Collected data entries
Lemma first_nonneg_time (I : finType) (P : {pred I}) (g : I -> R -> R) (T : R) :
  (forall i, P i -> {within [set t | 0 <= t], continuous (g i)}) ->
  (forall i, P i -> g i 0 < 0) -> (exists2 i, P i & 0 <= g i T) -> 0 <= T ->
  exists s, [/\ 0 < s, s <= T, exists2 i, P i & g i s = 0,
    forall i, P i -> g i s <= 0 & forall i t, P i -> 0 <= t -> t < s -> g i t < 0].
Proof.
move=> gc g0 [i0 Pi0 gi0T] T0.
pose S := [set t : R | 0 <= t /\ exists2 i, P i & 0 <= g i t].
have ST : S T by split => //; exists i0.
have lbS : lbound S 0 by move=> x [].
have hlbS : has_lbound S by exists 0.
set s := inf S.
have s0 : 0 <= s by apply: lb_le_inf => //; exists T.
have sT : s <= T by apply: ge_inf.
have before i t : P i -> 0 <= t -> t < s -> g i t < 0.
  move=> Pi t0 ts; rewrite ltNge; apply/negP => git.
  have : s <= t by apply: ge_inf => //; split => //; exists i.
  by rewrite leNgt ts.
have [i1 Pi1 gi1s] : exists2 i, P i & 0 <= g i s.
  (* Otherwise every [g i] stays negative near [s], which contradicts [s = inf S]. *)
  apply: contrapT => none.
  have near_neg i : \forall t \near s, 0 <= t -> P i -> g i t < 0.
    have [Pi|nPi] := boolP (P i); last by near=> t.
    have gis : g i s < 0 by rewrite ltNge; apply/negP => gis; apply: none; exists i.
    have := (subspace_continuousP _ _).1 (gc i Pi) s s0.
    by move/cvgr_lt/(_ _ gis); rewrite near_withinE; apply: filterS => t + t0 _; apply.
  have [d /= d0 near_s] := (nbhs_ballP _ _).1 (filter_forall _ near_neg).
  have [x Sx xs] := inf_adherent d0 (conj (ex_intro _ T ST) hlbS).
  have sx : s <= x by apply: ge_inf.
  case: Sx => x0 [i Pi gix].
  have : ball s d x by rewrite /ball /= ler0_norm ?subr_le0 //; lra.
  by move/near_s/(_ i x0 Pi); lra.
have s_gt0 : 0 < s.
  rewrite lt_neqAle s0 andbT; apply/eqP => s_eq0.
  by move: (g0 i1 Pi1); rewrite s_eq0; lra.
have le0 i : P i -> g i s <= 0.
  by move=> Pi; apply: le0_at_first_zero (gc _ Pi) _ => // t; exact: before.
exists s; split => //; exists i1 => //.
by apply/eqP; rewrite eq_le gi1s le0.
Unshelve. all: by end_near.
Qed.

### What you need to do
All lines in the records that contain "none" are to be copied and returned.

### Output for this exercise
  apply: contrapT => none.
    have gis : g i s < 0 by rewrite ltNge; apply/negP => gis; apply: none; exists i.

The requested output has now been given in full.